### [Assignment]
In the entries that follow, the line with "Context: A packed" opens the range and the line with "Definition is_total_order (T" closes it; repeat that range exactly, both lines included.

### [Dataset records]
(* Let $P$ be a weak plane poset with underlying set $[n]$ such that the total order $\ll$ is the natural order of $[n]$. Then $$WLin(P)=\bigsqcup_{f\in Lin(P)}\{g\in PW(n)\mid g\prec f\},$$ and the union on the right-hand side is disjoint.
   Context: A packed word of length $n$ is a surjection $f:[n]\to[k]$ for some $k$, written $f(1)\cdots f(n)$; $PW(n)$ is the set of these. A weak plane poset is a finite set with two partial orders $\leq_1,\leq_2$ such that $x\leq_1 y$ and $x\leq_2 y$ imply $x=y$, and such that $x\preceq y\iff(x\leq_1 y$ or $x\leq_2 y)$ is a total quasi-order; $x\equiv y$ means $x\preceq y$ and $y\preceq x$; $x\ll y\iff(y\leq_1 x$ or $x\leq_2 y)$ is a total order. $Lin(P)$ is the set of surjections $f:[n]\to[k]$ such that $i\leq_1 j\Rightarrow f(i)\leq f(j)$ and $f(i)=f(j)\Rightarrow i\equiv j$ (linear extensions). $WLin(P)$ is the set of surjections $f:[n]\to[k]$ such that $i\leq_1 j\Rightarrow f(i)\leq f(j)$ and ($i\leq_1 j$ and $f(i)=f(j)$) $\Rightarrow i\equiv j$ (weak linear extensions). For $f,g\in PW(n)$, $g\prec f$ means: (1) for all $i,j$, $f(i)\leq f(j)\Rightarrow g(i)\leq g(j)$; (2) for all $i,j$, ($i<j$ and $f(i)>f(j)$) $\Rightarrow g(i)>g(j)$. (In particular $f\prec f$.) *)

(* Elements of [n] = {1..n} are represented by 'I_n (i.e. 0..n-1,
   shift by one; order is preserved). Values of words are natural numbers in 1..k. *)
From mathcomp Require Import all_boot.
Set Implicit Arguments. Unset Strict Implicit. Unset Printing Implicit Defensive.

Definition word (n : nat) := {ffun 'I_n -> nat}.

Definition packed (n : nat) (f : word n) : Prop :=
  exists k : nat,
    (forall i, 1 <= f i <= k) /\ (forall v, 1 <= v <= k -> exists i, f i = v).

Definition is_partial_order (T : Type) (r : T -> T -> Prop) : Prop :=
  [/\ forall x, r x x,
      forall x y, r x y -> r y x -> x = y &
      forall x y z, r x y -> r y z -> r x z].

Definition is_total_quasi_order (T : Type) (r : T -> T -> Prop) : Prop :=
  [/\ forall x, r x x,
      forall x y z, r x y -> r y z -> r x z &
      forall x y, r x y \/ r y x].

Definition is_total_order (T : Type) (r : T -> T -> Prop) : Prop :=
  is_partial_order r /\ forall x y, r x y \/ r y x.

Definition pqle (T : Type) (le1 le2 : T -> T -> Prop) (x y : T) : Prop :=
  le1 x y \/ le2 x y.
Definition pequiv (T : Type) (le1 le2 : T -> T -> Prop) (x y : T) : Prop :=
  pqle le1 le2 x y /\ pqle le1 le2 y x.
Definition pll (T : Type) (le1 le2 : T -> T -> Prop) (x y : T) : Prop :=
  le1 y x \/ le2 x y.

Definition weak_plane_poset (T : Type) (le1 le2 : T -> T -> Prop) : Prop :=
  [/\ is_partial_order le1, is_partial_order le2,
      (forall x y, le1 x y -> le2 x y -> x = y),
      is_total_quasi_order (pqle le1 le2) &
      is_total_order (pll le1 le2)].

Definition Lin (n : nat) (le1 le2 : 'I_n -> 'I_n -> Prop) (f : word n) : Prop :=
  [/\ packed f,
      (forall i j, le1 i j -> f i <= f j) &
      (forall i j, f i = f j -> pequiv le1 le2 i j)].

Definition WLin (n : nat) (le1 le2 : 'I_n -> 'I_n -> Prop) (f : word n) : Prop :=
  [/\ packed f,
      (forall i j, le1 i j -> f i <= f j) &
      (forall i j, le1 i j -> f i = f j -> pequiv le1 le2 i j)].

Definition wprec (n : nat) (g f : word n) : Prop :=
  (forall i j, f i <= f j -> g i <= g j) /\
  (forall i j : 'I_n, i < j -> f i > f j -> g i > g j).

From mathcomp Require Import all_boot zify boolp.
Set Implicit Arguments. Unset Strict Implicit. Unset Printing Implicit Defensive.

(* If f is in Lin(P) and g ≺ f, then f orders the positions lexicographically,
   first by the value of g and then by the quasi-order ⪯: condition (2) of ≺,
   read through ≪ = natural order, forbids f from contradicting ⪯ inside a level
   of g.  A packed word is determined by the total preorder it induces, so f is
   unique.  Conversely, for g in WLin(P) this lexicographic relation is a total
   preorder, and the packed word realizing it is in Lin(P) and dominates g. *)

Lemma leq_index_sorted (s : seq nat) x y :
  sorted leq s -> x \in s -> y \in s -> (index x s <= index y s) = (x <= y).
Proof.
move=> s_sorted xs ys; have index_leq := sorted_leq_index leq_trans leqnn s_sorted.
apply/idP/idP; first exact: index_leq.
move=> le_xy; rewrite leqNgt; apply/negP => lt_index.
have le_yx : y <= x by apply: index_leq => //; exact: ltnW.
have x_eq_y : x = y by apply/eqP; rewrite eqn_leq le_xy le_yx.
by rewrite x_eq_y ltnn in lt_index.
Qed.

Section Standardize.
Variables (n : nat) (h : word n).

Let s := sort leq (undup (codom h)).

Definition standardize : word n := [ffun i => (index (h i) s).+1].

Let s_sorted : sorted leq s. Proof. exact: sort_sorted leq_total _. Qed.
Let s_uniq : uniq s. Proof. by rewrite sort_uniq undup_uniq. Qed.
Let mem_s v : (v \in s) = (v \in codom h). Proof. by rewrite mem_sort mem_undup. Qed.

Lemma standardize_packed : packed standardize.
Proof.
exists (size s); split=> [i | v /andP[v_gt0 v_le]].
  by rewrite ffunE /= index_mem mem_s codom_f.
have v_lt : v.-1 < size s by lia.
have /codomP[i hi] : nth 0 s v.-1 \in codom h by rewrite -mem_s mem_nth.
by exists i; rewrite ffunE -hi index_uniq //; lia.
Qed.

Lemma leq_standardize i j : (standardize i <= standardize j) = (h i <= h j).
Proof. by rewrite !ffunE ltnS leq_index_sorted // mem_s codom_f. Qed.

End Standardize.

Lemma card_downset_leq (T : finType) (R : rel T) :
  transitive R -> total R ->
  forall x y, (#|[set z | R z x]| <= #|[set z | R z y]|) = R x y.
Proof.
move=> R_tr R_tot x y; apply/idP/idP => [|Rxy]; last first.
  by apply: subset_leq_card; apply/subsetP => z; rewrite !inE => Rzx; apply: R_tr Rxy.
apply: contraLR => notRxy; rewrite -ltnNge; apply: proper_card; apply/properP.
have Ryx : R y x by have := R_tot x y; rewrite (negbTE notRxy).
split; first by apply/subsetP => z; rewrite !inE => Rzy; apply: R_tr Ryx.
by exists x; rewrite !inE ?(negbTE notRxy) // -[R x x]orbb R_tot.
Qed.

Lemma exists_packed_total_preorder n (R : 'I_n -> 'I_n -> Prop) :
  (forall i j, R i j \/ R j i) -> (forall i j k, R i j -> R j k -> R i k) ->
  exists f : word n, packed f /\ forall i j, f i <= f j <-> R i j.
Proof.
move=> R_tot R_tr; pose r i j := `[< R i j >].
have r_tr : transitive r.
  by move=> j i k /asboolP Rij /asboolP Rjk; apply/asboolP; apply: R_tr Rjk.
have r_tot : total r.
  by move=> i j; apply/orP; case: (R_tot i j) => ?; [left | right]; apply/asboolP.
exists (standardize [ffun i => #|[set j | r j i]|]); split=> [|i j].
  exact: standardize_packed.
by rewrite leq_standardize !ffunE card_downset_leq //; apply: iff_sym (rwP (asboolP _)).
Qed.

Lemma packed_leq_of_order n (f1 f2 : word n) :
  packed f1 -> packed f2 -> (forall i j, f2 i <= f2 j -> f1 i <= f1 j) ->
  forall i, f1 i <= f2 i.
Proof.
move=> [k1 [f1_range f1_onto]] [k2 [f2_range _]] f_ord.
suff le_f2 : forall m i, f1 i = m -> m <= f2 i by move=> i; apply: le_f2.
elim=> [//|m IHm] i f1i.
have [-> | m_gt0] := posnP m; first by have := f2_range i; lia.
have [j f1j] : exists j, f1 j = m by apply: f1_onto; have := f1_range i; lia.
have := IHm j f1j; suff : f2 j < f2 i by lia.
by rewrite ltnNge; apply/negP => /f_ord; lia.
Qed.

Lemma packed_eq_of_order n (f1 f2 : word n) :
  packed f1 -> packed f2 -> (forall i j, f1 i <= f1 j <-> f2 i <= f2 j) -> f1 = f2.
Proof.
move=> f1_packed f2_packed f_ord; apply/ffunP => i; apply/eqP.
rewrite eqn_leq !packed_leq_of_order // => j k /f_ord //.
Qed.

Section WeakPlanePoset.
Variables (n : nat) (le1 le2 : 'I_n -> 'I_n -> Prop).
Hypothesis P_wpp : weak_plane_poset le1 le2.
Hypothesis pll_leq : forall x y, pll le1 le2 x y <-> x <= y.

Lemma le1_geq x y : le1 x y -> y <= x.
Proof. by move=> le1_xy; apply/pll_leq; left. Qed.

Lemma le2_leq x y : le2 x y -> x <= y.
Proof. by move=> le2_xy; apply/pll_leq; right. Qed.

Lemma pqle_total x y : pqle le1 le2 x y \/ pqle le1 le2 y x.
Proof. by case: P_wpp => _ _ _ [_ _ pq_tot] _; apply: pq_tot. Qed.

Lemma pqle_trans x y z :
  pqle le1 le2 x y -> pqle le1 le2 y z -> pqle le1 le2 x z.
Proof. by case: P_wpp => _ _ _ [_ pq_tr _] _; apply: pq_tr. Qed.

Lemma pqle_le1 (x y : 'I_n) : y < x -> pqle le1 le2 x y -> le1 x y.
Proof. by move=> lt_yx [// | /le2_leq]; lia. Qed.

Definition lex_pqle (g : word n) (i j : 'I_n) : Prop :=
  g i < g j \/ g i = g j /\ pqle le1 le2 i j.

Lemma lex_pqle_total g i j : lex_pqle g i j \/ lex_pqle g j i.
Proof.
case: (ltngtP (g i) (g j)) => [lt_ij | lt_ji | eq_ij]; [by left; left | by right; left |].
by case: (pqle_total i j) => ?; [left | right]; right.
Qed.

Lemma lex_pqle_trans g i j k :
  lex_pqle g i j -> lex_pqle g j k -> lex_pqle g i k.
Proof.
move=> [lt_ij | [eq_ij pq_ij]] [lt_jk | [eq_jk pq_jk]]; try (left; lia).
by right; split; [lia | apply: pqle_trans pq_jk].
Qed.

Lemma prec_leq_same_level (g f : word n) (i j : 'I_n) :
  wprec g f -> i <= j -> g i = g j -> f i <= f j.
Proof.
move=> [_ prec_desc]; rewrite leq_eqVlt => /orP[/eqP/val_inj -> // | lt_ij] g_ij.
by rewrite leqNgt; apply/negP => /(prec_desc _ _ lt_ij); lia.
Qed.

Lemma Lin_prec_order (g f : word n) :
  Lin le1 le2 f -> wprec g f -> forall i j, f i <= f j <-> lex_pqle g i j.
Proof.
move=> [_ f_mono f_eq] prec_gf i j; have [prec_le _] := prec_gf; split.
- move=> le_fij; have := prec_le _ _ le_fij.
  rewrite leq_eqVlt => /orP[/eqP g_ij | ]; last by left.
  right; split=> //; move: le_fij; rewrite leq_eqVlt => /orP[/eqP/f_eq[] // | lt_fij].
  case: (leqP i j) => [le_ij | lt_ji].
    have [le1_ji | le2_ij] := proj2 (pll_leq i j) le_ij; last by right.
    by have := f_mono _ _ le1_ji; lia.
  by have := prec_leq_same_level prec_gf (ltnW lt_ji) (esym g_ij); lia.
- move=> [lt_gij | [g_ij [le1_ij | le2_ij]]].
  + by rewrite leqNgt; apply/negP => /ltnW /prec_le; lia.
  + exact: f_mono.
  + exact: prec_leq_same_level prec_gf (le2_leq le2_ij) g_ij.
Qed.

Lemma Lin_prec_unique (g f1 f2 : word n) :
  Lin le1 le2 f1 -> Lin le1 le2 f2 -> wprec g f1 -> wprec g f2 -> f1 = f2.
Proof.
move=> f1_Lin f2_Lin prec1 prec2; apply: packed_eq_of_order.
- by case: f1_Lin.
- by case: f2_Lin.
- by move=> i j; rewrite (Lin_prec_order f1_Lin prec1) (Lin_prec_order f2_Lin prec2).
Qed.

Lemma WLin_of_prec_Lin (g f : word n) :
  packed g -> Lin le1 le2 f -> wprec g f -> WLin le1 le2 g.
Proof.
move=> g_packed [_ f_mono f_eq] prec_gf; split=> // [i j /f_mono | i j le1_ij g_ij].
  exact: (proj1 prec_gf).
apply: f_eq; apply/eqP; rewrite eqn_leq f_mono //.
exact: prec_leq_same_level prec_gf (le1_geq le1_ij) (esym g_ij).
Qed.

Lemma exists_Lin_prec_of_WLin (g : word n) :
  WLin le1 le2 g -> exists f : word n, Lin le1 le2 f /\ wprec g f.
Proof.
move=> [_ g_mono g_eq].
have [f [f_packed f_ord]] :=
  exists_packed_total_preorder (lex_pqle_total g) (@lex_pqle_trans g).
exists f; split; [split=> // [i j le1_ij | i j f_ij] | split=> [i j /f_ord | i j lt_ij lt_fji]].
- apply/f_ord; have := g_mono _ _ le1_ij.
  rewrite leq_eqVlt => /orP[/eqP g_ij | ]; last by left.
  by right; split=> //; left.
- have [] : lex_pqle g i j /\ lex_pqle g j i by split; apply/f_ord; rewrite f_ij.
  by move=> [lt_ij | [g_ij pq_ij]] [lt_ji | [g_ji pq_ji]]; try lia; split.
- by move=> [/ltnW | [-> _]].
- rewrite ltnNge; apply/negP => le_gij; suff : f i <= f j by lia.
  apply/f_ord; move: le_gij; rewrite leq_eqVlt => /orP[/eqP g_ij | ]; last by left.
  right; split=> //; case: (pqle_total i j) => // pq_ji.
  by have [] := g_eq _ _ (pqle_le1 lt_ij pq_ji) (esym g_ij).
Qed.

End WeakPlanePoset.

Theorem mainTheorem6 (n : nat) (le1 le2 : 'I_n -> 'I_n -> Prop) :
  weak_plane_poset le1 le2 ->
  (forall x y : 'I_n, pll le1 le2 x y <-> (x <= y)%N) ->
  (forall g : word n,
      WLin le1 le2 g <-> (packed g /\ exists f : word n, Lin le1 le2 f /\ wprec g f)) /\
  (forall (g f1 f2 : word n),
      Lin le1 le2 f1 -> Lin le1 le2 f2 -> wprec g f1 -> wprec g f2 -> f1 = f2).
Proof.
move=> P_wpp pll_leq; split=> [g | g f1 f2]; last exact: Lin_prec_unique.
split=> [g_WLin | [g_packed [f [f_Lin prec_gf]]]].
  by split; [case: g_WLin | apply: exists_Lin_prec_of_WLin].
exact: WLin_of_prec_Lin g_packed f_Lin prec_gf.
Qed.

### [Problem solution]
   Context: A packed word of length $n$ is a surjection $f:[n]\to[k]$ for some $k$, written $f(1)\cdots f(n)$; $PW(n)$ is the set of these. A weak plane poset is a finite set with two partial orders $\leq_1,\leq_2$ such that $x\leq_1 y$ and $x\leq_2 y$ imply $x=y$, and such that $x\preceq y\iff(x\leq_1 y$ or $x\leq_2 y)$ is a total quasi-order; $x\equiv y$ means $x\preceq y$ and $y\preceq x$; $x\ll y\iff(y\leq_1 x$ or $x\leq_2 y)$ is a total order. $Lin(P)$ is the set of surjections $f:[n]\to[k]$ such that $i\leq_1 j\Rightarrow f(i)\leq f(j)$ and $f(i)=f(j)\Rightarrow i\equiv j$ (linear extensions). $WLin(P)$ is the set of surjections $f:[n]\to[k]$ such that $i\leq_1 j\Rightarrow f(i)\leq f(j)$ and ($i\leq_1 j$ and $f(i)=f(j)$) $\Rightarrow i\equiv j$ (weak linear extensions). For $f,g\in PW(n)$, $g\prec f$ means: (1) for all $i,j$, $f(i)\leq f(j)\Rightarrow g(i)\leq g(j)$; (2) for all $i,j$, ($i<j$ and $f(i)>f(j)$) $\Rightarrow g(i)>g(j)$. (In particular $f\prec f$.) *)

(* Elements of [n] = {1..n} are represented by 'I_n (i.e. 0..n-1,
   shift by one; order is preserved). Values of words are natural numbers in 1..k. *)
From mathcomp Require Import all_boot.
Set Implicit Arguments. Unset Strict Implicit. Unset Printing Implicit Defensive.

Definition word (n : nat) := {ffun 'I_n -> nat}.

Definition packed (n : nat) (f : word n) : Prop :=
  exists k : nat,
    (forall i, 1 <= f i <= k) /\ (forall v, 1 <= v <= k -> exists i, f i = v).

Definition is_partial_order (T : Type) (r : T -> T -> Prop) : Prop :=
  [/\ forall x, r x x,
      forall x y, r x y -> r y x -> x = y &
      forall x y z, r x y -> r y z -> r x z].

Definition is_total_quasi_order (T : Type) (r : T -> T -> Prop) : Prop :=
  [/\ forall x, r x x,
      forall x y z, r x y -> r y z -> r x z &
      forall x y, r x y \/ r y x].

Definition is_total_order (T : Type) (r : T -> T -> Prop) : Prop :=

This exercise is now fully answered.